Hmmm I suppose. Why don't you try putting the two cages right next to each other and seeing how they react or trying putting them on the tiels cage for a little bit but watch how they react ?


----------



## WendyBeoBuddy (Dec 12, 2011)

the cages are only within a foot from each other  we are moving in march so i am hoping to get a nice big cage, and even if the tiels don't get along with the finches, they will get a nice big cage when i get a flight cage. it will be a finch flight cage and a normal big parrot cage. i confuse my self!!!


----------



## chkinut (Dec 9, 2011)

wow, i learn something new every day! what an interesting thread. i never thought to put my finches with my tiel (i don't have a tiel YET, but will in a few months). i also didn't know you could let finches out to have free flight in the house. i have 7 zebra finches in a huge flight cage. i'm not planning on putting my tiel in there. but i DO have 4 budgies in another huge flight cage...well, it's 40wX20dX31h. and my tiel's cage is 23wX19dX26h. i'm hoping to someday allow my tiel to live in the same cage as my budgies. but i will 1st have to see how things go with them all together during free play outside of the cages.


----------



## WendyBeoBuddy (Dec 12, 2011)

i let mine have free flight, but also i only have two so i can make sure they do not get into anything dangerous or drown in any large amounts of water  however i have provided them with a new nest box so if we have any babies soon hehe it will be a bit harder! and you have to make sure there are NO windows open including blinds-those need to be shut. you need to shut all doors that the bird is not in(closet, pantry ect) make sure you have no cups of water or water in the sink. they are tiny and can drown in just two inches of water! also there are some plants they cannot be in or chew on..
otherwise, they LOVE to fly into the Christmas tree, they love to land on my brother's head (especially Lolita, she has a weird thing with his head) they love to land on the tiels cage and look at the gigantic yellow faced version of themselves.. ect ect


----------



## Dottie-May (Aug 22, 2011)

For many years I have had Zebra finches and must tell you that putting them with cockatiels would almost certainly be a recipe for disaster.
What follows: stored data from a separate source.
(* Let $n\in\mathbb{N}$, $y\in\{-1,+1\}^n$, $Y=\operatorname{diag}(y)$, let $K,\tilde K\in\mathbb{R}^{n\times n}$ be symmetric positive semidefinite matrices, $C>0$, $\gamma>0$, and define $F(\alpha)=\frac12\alpha^\top YKY\alpha-\mathbf 1^\top\alpha$ and $\tilde F(\tilde\alpha)=\frac12\tilde\alpha^\top\tilde K\tilde\alpha$. (i) If $(\alpha_1,\tilde\alpha_1)$ and $(\alpha_2,\tilde\alpha_2)$ are solutions of $$\min_{\alpha,\tilde\alpha\in\mathbb{R}^n}F(\alpha)+\tfrac1\gamma\tilde F(\tilde\alpha)\quad\text{s.t. } y^\top\alpha=0,\ \mathbf 1^\top\tilde\alpha=0,\ 0\le\alpha_i\le C+\tilde\alpha_i\ \forall i,$$ then $\alpha_1-\alpha_2\in\operatorname{Null}(YKY)\cap\mathbf 1^\perp\cap y^\perp$ and $\tilde\alpha_1-\tilde\alpha_2\in\operatorname{Null}(\tilde K)\cap\mathbf 1^\perp$. (ii) For $c\in\mathbb{R}^n_{\ge0}$, if $\alpha_1$ and $\alpha_2$ are solutions of $\min_\alpha F(\alpha)$ s.t. $y^\top\alpha=0$, $0\le\alpha_i\le c_i$ for all $i$, then $\alpha_1-\alpha_2\in\operatorname{Null}(YKY)\cap\mathbf 1^\perp\cap y^\perp$.
   Context: $\mathbf 1$ is the all-ones vector; $v^\perp$ denotes the orthogonal complement of $v$ in $\mathbb{R}^n$. (These are the dual problems of SVM+ and of the weighted SVM, with $K$ and $\tilde K$ the kernel matrices of the decision and correcting features.) *)

From mathcomp Require Import all_boot all_order all_algebra.
Set Implicit Arguments. Unset Strict Implicit. Unset Printing Implicit Defensive.
Import Order.TTheory GRing.Theory Num.Theory.
Local Open Scope ring_scope.

Definition dotv (R : ringType) (n : nat) (u v : 'cV[R]_n) : R := (u^T *m v) 0 0.

Definition psd (R : numDomainType) (n : nat) (M : 'M[R]_n) : Prop :=
  M^T = M /\ forall v : 'cV[R]_n, 0 <= dotv v (M *m v).

Definition ones (R : ringType) (n : nat) : 'cV[R]_n := const_mx 1.

Definition diagY (R : ringType) (n : nat) (y : 'cV[R]_n) : 'M[R]_n := diag_mx y^T.

Definition in_null (R : ringType) (n : nat) (M : 'M[R]_n) (v : 'cV[R]_n) : Prop :=
  M *m v = 0.

Definition in_perp (R : ringType) (n : nat) (u v : 'cV[R]_n) : Prop :=
  dotv u v = 0.

Definition Fobj (R : realFieldType) (n : nat) (y : 'cV[R]_n) (K : 'M[R]_n)
  (a : 'cV[R]_n) : R :=
  2^-1 * dotv a (diagY y *m K *m diagY y *m a) - dotv (ones R n) a.

Definition Ftobj (R : realFieldType) (n : nat) (Kt : 'M[R]_n) (at_ : 'cV[R]_n) : R :=
  2^-1 * dotv at_ (Kt *m at_).

Definition feas_plus (R : realFieldType) (n : nat) (y : 'cV[R]_n) (C : R)
  (a at_ : 'cV[R]_n) : Prop :=
  dotv y a = 0 /\ dotv (ones R n) at_ = 0 /\
  forall i, 0 <= a i 0 /\ a i 0 <= C + at_ i 0.

Definition sol_plus (R : realFieldType) (n : nat) (y : 'cV[R]_n) (K Kt : 'M[R]_n)
  (C gamma : R) (a at_ : 'cV[R]_n) : Prop :=
  feas_plus y C a at_ /\
  forall b bt, feas_plus y C b bt ->
    Fobj y K a + gamma^-1 * Ftobj Kt at_ <= Fobj y K b + gamma^-1 * Ftobj Kt bt.

Definition feas_w (R : realFieldType) (n : nat) (y c a : 'cV[R]_n) : Prop :=
  dotv y a = 0 /\ forall i, 0 <= a i 0 /\ a i 0 <= c i 0.

Definition sol_w (R : realFieldType) (n : nat) (y : 'cV[R]_n) (K : 'M[R]_n)
  (c a : 'cV[R]_n) : Prop :=
  feas_w y c a /\ forall b, feas_w y c b -> Fobj y K a <= Fobj y K b.

From mathcomp Require Import all_boot all_order all_algebra.
From mathcomp Require Import ring lra.
Import Order.TTheory GRing.Theory Num.Theory.
Local Open Scope ring_scope.
Set Implicit Arguments. Unset Strict Implicit.

(* Both problems minimise a convex quadratic [q(x) = x^T M x / 2 - l^T x]
   (M symmetric psd) over a convex set.  The midpoint of two minimisers is
   feasible and [q] at the midpoint is the mean of the two values minus
   [d^T M d / 8], d the difference; minimality forces [d^T M d = 0], hence
   [M d = 0] since M is psd, and then [q(a1) = q(a2) - l^T d] gives
   [l^T d = 0].  The remaining orthogonality comes from the equality
   constraints of the problems. *)

Section Quadratic.
Variables (R : realFieldType) (n : nat).
Implicit Types (u v w l : 'cV[R]_n) (M N : 'M[R]_n).

Lemma dotvDl u v w : dotv (u + v) w = dotv u w + dotv v w.
Proof. by rewrite /dotv linearD /= mulmxDl mxE. Qed.

Lemma dotvDr u v w : dotv u (v + w) = dotv u v + dotv u w.
Proof. by rewrite /dotv mulmxDr mxE. Qed.

Lemma dotvZl (a : R) u v : dotv (a *: u) v = a * dotv u v.
Proof. by rewrite /dotv linearZ /= -scalemxAl mxE. Qed.

Lemma dotvZr (a : R) u v : dotv u (a *: v) = a * dotv u v.
Proof. by rewrite /dotv -scalemxAr mxE. Qed.

Lemma dotvNl u v : dotv (- u) v = - dotv u v.
Proof. by rewrite -scaleN1r dotvZl mulN1r. Qed.

Lemma dotvNr u v : dotv u (- v) = - dotv u v.
Proof. by rewrite -scaleN1r dotvZr mulN1r. Qed.

Lemma dotvBr u v w : dotv u (v - w) = dotv u v - dotv u w.
Proof. by rewrite dotvDr dotvNr. Qed.

Lemma dotv0l v : dotv 0 v = 0.
Proof. by rewrite /dotv trmx0 mul0mx mxE. Qed.

Lemma dotvC u v : dotv u v = dotv v u.
Proof. by rewrite /dotv -(trmxK (u^T *m v)) trmx_mul trmxK mxE. Qed.

Lemma dotv_trmx (A : 'M[R]_n) u v : dotv u (A^T *m v) = dotv (A *m u) v.
Proof. by rewrite /dotv mulmxA -trmx_mul. Qed.

Lemma dotv_sym M u v : M^T = M -> dotv u (M *m v) = dotv (M *m u) v.
Proof. by move=> MT; rewrite -{1}MT dotv_trmx. Qed.

Lemma dotv_self u : dotv u u = \sum_i u i 0 ^+ 2.
Proof. by rewrite /dotv mxE; apply: eq_bigr => i _; rewrite mxE expr2. Qed.

Lemma dotv_self_ge0 u : 0 <= dotv u u.
Proof. by rewrite dotv_self sumr_ge0 // => i _; apply: sqr_ge0. Qed.

Lemma dotv_self_eq0 u : dotv u u = 0 -> u = 0.
Proof.
rewrite dotv_self => /psumr_eq0P sq0; apply/matrixP => i j.
rewrite (ord1 j) mxE; apply/eqP; rewrite -sqrf_eq0; apply/eqP.
by apply: sq0 => // k _; apply: sqr_ge0.
Qed.

Lemma psd0 : psd (0 : 'M[R]_n).
Proof. by split=> [|v]; rewrite ?trmx0 // mul0mx /dotv mulmx0 mxE. Qed.

Lemma psd_congr (P K : 'M[R]_n) : psd K -> psd (P^T *m K *m P).
Proof.
case=> KT Kge0; split=> [|v]; first by rewrite !trmx_mul trmxK KT mulmxA.
by rewrite -!mulmxA dotv_trmx; apply: Kge0.
Qed.

Lemma psd_form_eq0 M d : psd M -> dotv d (M *m d) = 0 -> M *m d = 0.
Proof.
case=> MT Mge0 d0; set w := M *m d.
have dMw : dotv d (M *m w) = dotv w w by rewrite dotv_sym.
(* The form at [d + t w] is [2 t |w|^2 + t^2 w^T M w]; for small [t < 0] it is
   negative unless [w = 0]. *)
have ge0_t (t : R) : 0 <= 2 * t * dotv w w + t ^+ 2 * dotv w (M *m w).
  have := Mge0 (d + t *: w).
  rewrite mulmxDr -scalemxAr !dotvDl !dotvDr !dotvZl !dotvZr d0 dMw -/w.
  by rewrite (dotv_sym _ d) // -/w; lra.
have b0 := dotv_self_ge0 w; have a0 := Mge0 w.
apply: dotv_self_eq0.
set a := dotv w (M *m w) in ge0_t a0; set b := dotv w w in ge0_t b0 *.
set t := - b / (a + 1).
have t_a : t * a + t = - b by rewrite /t; field; apply: lt0r_neq0; lra.
by have := ge0_t t; nra.
Qed.

Definition quad M l x := 2^-1 * dotv x (M *m x) - dotv l x.

Lemma quad_midpoint M l a1 a2 : M^T = M ->
  quad M l (2^-1 *: (a1 + a2)) =
  2^-1 * (quad M l a1 + quad M l a2) - 8^-1 * dotv (a1 - a2) (M *m (a1 - a2)).
Proof.
move=> MT; have a21 : dotv a2 (M *m a1) = dotv a1 (M *m a2).
  by rewrite dotv_sym // dotvC.
rewrite /quad -!scalemxAr !mulmxDr !mulmxN !dotvDl !dotvDr !dotvNl !dotvNr
  !dotvZl !dotvZr a21 (dotvDl a1 a2) (dotvDr a1) (dotvDr a2) a21 (dotvDr l).
lra.
Qed.

Lemma quad_shift_null M l a1 a2 : M^T = M -> M *m (a1 - a2) = 0 ->
  quad M l a1 = quad M l a2 - dotv l (a1 - a2).
Proof.
move=> MT null_d.
have Ma : M *m a1 = M *m a2 by apply/eqP; rewrite -subr_eq0 -mulmxBr null_d.
have a12 : dotv a1 (M *m a2) = dotv a2 (M *m a2) by rewrite dotv_sym // Ma dotvC.
by rewrite /quad Ma a12 dotvBr; ring.
Qed.

Lemma quad2_minimizers M N l m (w : R) (S : 'cV[R]_n -> 'cV[R]_n -> Prop)
    a1 b1 a2 b2 :
  psd M -> psd N -> 0 < w ->
  (forall a b a' b', S a b -> S a' b' ->
     S (2^-1 *: (a + a')) (2^-1 *: (b + b'))) ->
  S a1 b1 -> (forall a b, S a b ->
     quad M l a1 + w * quad N m b1 <= quad M l a + w * quad N m b) ->
  S a2 b2 -> (forall a b, S a b ->
     quad M l a2 + w * quad N m b2 <= quad M l a + w * quad N m b) ->
  [/\ M *m (a1 - a2) = 0, N *m (b1 - b2) = 0
    & dotv l (a1 - a2) + w * dotv m (b1 - b2) = 0].
Proof.
move=> psdM psdN w0 S_mid S1 min1 S2 min2.
have [[MT Mge0] [NT Nge0]] := (psdM, psdN).
have := min1 _ _ (S_mid _ _ _ _ S1 S2); have := min1 _ _ S2; have := min2 _ _ S1.
rewrite !quad_midpoint //.
have := Mge0 (a1 - a2); have := Nge0 (b1 - b2).
set dM := dotv _ (M *m _); set dN := dotv _ (N *m _).
move=> dN0 dM0 le21 le12 le1mid.
have wdN0 : 0 <= w * dN by rewrite mulr_ge0 // ltW.
have dM_eq0 : dM = 0 by nra.
have dN_eq0 : dN = 0.
  have /eqP : w * dN = 0 by nra.
  by rewrite mulf_eq0 gt_eqF //= => /eqP.
have nullM := psd_form_eq0 psdM dM_eq0; have nullN := psd_form_eq0 psdN dN_eq0.
split=> //; move: le12 le21.
by rewrite (quad_shift_null _ MT nullM) (quad_shift_null _ NT nullN); nra.
Qed.

Lemma quad_minimizers M l (S : 'cV[R]_n -> Prop) a1 a2 :
  psd M -> (forall a a', S a -> S a' -> S (2^-1 *: (a + a'))) ->
  S a1 -> (forall a, S a -> quad M l a1 <= quad M l a) ->
  S a2 -> (forall a, S a -> quad M l a2 <= quad M l a) ->
  M *m (a1 - a2) = 0 /\ dotv l (a1 - a2) = 0.
Proof.
move=> psdM S_mid S1 min1 S2 min2.
pose S0 a (b : 'cV[R]_n) := S a /\ b = 0.
have quad0 : quad 0 0 (0 : 'cV[R]_n) = 0 by rewrite /quad mul0mx !dotv0l; lra.
have min0 a : (forall a', S a' -> quad M l a <= quad M l a') ->
    forall a' b', S0 a' b' ->
    quad M l a + 1 * quad 0 0 0 <= quad M l a' + 1 * quad 0 0 b'.
  by move=> mina a' b' [Sa' ->]; rewrite quad0 mulr0 !addr0 mina.
have S0_mid a b a' b' :
    S0 a b -> S0 a' b' -> S0 (2^-1 *: (a + a')) (2^-1 *: (b + b')).
  by move=> [Sa ->] [Sa' ->]; rewrite addr0 scaler0; split; first exact: S_mid.
have [nullM _] := quad2_minimizers psdM psd0 ltr01 S0_mid (conj S1 erefl)
  (min0 _ min1) (conj S2 erefl) (min0 _ min2).
by rewrite dotv0l mulr0 addr0.
Qed.

Lemma dotv_sub_eq0 u v w : dotv u v = 0 -> dotv u w = 0 -> dotv u (v - w) = 0.
Proof. by move=> uv0 uw0; rewrite dotvBr uv0 uw0 subr0. Qed.

End Quadratic.

Section DualFeasibility.
Variables (R : realFieldType) (n : nat) (y : 'cV[R]_n).

Lemma feas_plus_midpoint (C : R) a at_ a' at' :
  feas_plus y C a at_ -> feas_plus y C a' at' ->
  feas_plus y C (2^-1 *: (a + a')) (2^-1 *: (at_ + at')).
Proof.
move=> [ya [oa box]] [ya' [oa' box']]; rewrite /feas_plus !dotvZr !dotvDr.
rewrite ya ya' oa oa' addr0 mulr0; do 2!split=> //.
by move=> i; rewrite !mxE; have := box i; have := box' i; lra.
Qed.

Lemma feas_w_midpoint (c a a' : 'cV[R]_n) :
  feas_w y c a -> feas_w y c a' -> feas_w y c (2^-1 *: (a + a')).
Proof.
move=> [ya box] [ya' box']; rewrite /feas_w dotvZr dotvDr ya ya' addr0 mulr0.
by split=> // i; rewrite !mxE; have := box i; have := box' i; lra.
Qed.

End DualFeasibility.

Theorem proposition3 (R : realFieldType) (n : nat) (y : 'cV[R]_n)
  (K Kt : 'M[R]_n) (C gamma : R) :
  (forall i, y i 0 = 1 \/ y i 0 = -1) ->
  psd K -> psd Kt -> 0 < C -> 0 < gamma ->
  (forall a1 at1 a2 at2,
      sol_plus y K Kt C gamma a1 at1 -> sol_plus y K Kt C gamma a2 at2 ->
      (in_null (diagY y *m K *m diagY y) (a1 - a2) /\
       in_perp (ones R n) (a1 - a2) /\ in_perp y (a1 - a2)) /\
      (in_null Kt (at1 - at2) /\ in_perp (ones R n) (at1 - at2))) /\
  (forall c : 'cV[R]_n, (forall i, 0 <= c i 0) ->
    forall a1 a2, sol_w y K c a1 -> sol_w y K c a2 ->
      in_null (diagY y *m K *m diagY y) (a1 - a2) /\
      in_perp (ones R n) (a1 - a2) /\ in_perp y (a1 - a2)).
Proof.
move=> _ psdK psdKt _; rewrite -invr_gt0 => gammaV_gt0.
set M := diagY y *m K *m diagY y.
have YT : (diagY y)^T = diagY y := tr_diag_mx y^T.
have psdM : psd M by rewrite /M -{1}YT; apply: psd_congr.
have Ftobj_quad a : Ftobj Kt a = quad Kt 0 a by rewrite /quad dotv0l subr0.
split.
- move=> a1 at1 a2 at2 [feas1 min1] [feas2 min2].
  have min_quad a at_ : (forall b bt, feas_plus y C b bt ->
      Fobj y K a + gamma^-1 * Ftobj Kt at_ <=
      Fobj y K b + gamma^-1 * Ftobj Kt bt) ->
      forall b bt, feas_plus y C b bt ->
      quad M (ones R n) a + gamma^-1 * quad Kt 0 at_ <=
      quad M (ones R n) b + gamma^-1 * quad Kt 0 bt.
    by move=> mina b bt /mina; rewrite !Ftobj_quad.
  have [nullM nullKt] := quad2_minimizers psdM psdKt gammaV_gt0
    (@feas_plus_midpoint _ _ y C) feas1 (min_quad _ _ min1)
    feas2 (min_quad _ _ min2).
  rewrite dotv0l mulr0 addr0 => ones_d.
  case: feas1 feas2 => [ya1 [oa1 _]] [ya2 [oa2 _]].
  by do !split=> //; apply: dotv_sub_eq0.
- move=> c _ a1 a2 [feas1 min1] [feas2 min2].
  have [nullM ones_d] := quad_minimizers psdM (@feas_w_midpoint _ _ y c)
    feas1 min1 feas2 min2.
  case: feas1 feas2 => [ya1 _] [ya2 _].
  by do !split=> //; apply: dotv_sub_eq0.
Qed.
When birds are out of cage and flying around there is a different ambience - but please do not put your finches and cockatiels in the same cage. Like cats, everybody will behave when you are home, but the gloves are off when you are not. ha ha.


----------



## WendyBeoBuddy (Dec 12, 2011)

haha i was not going to do it unless it was safe. That is why i was talking about how it would probably not be such a good idea if they were domesticated because of the lack of knowledge i have about temperaments with other birds


----------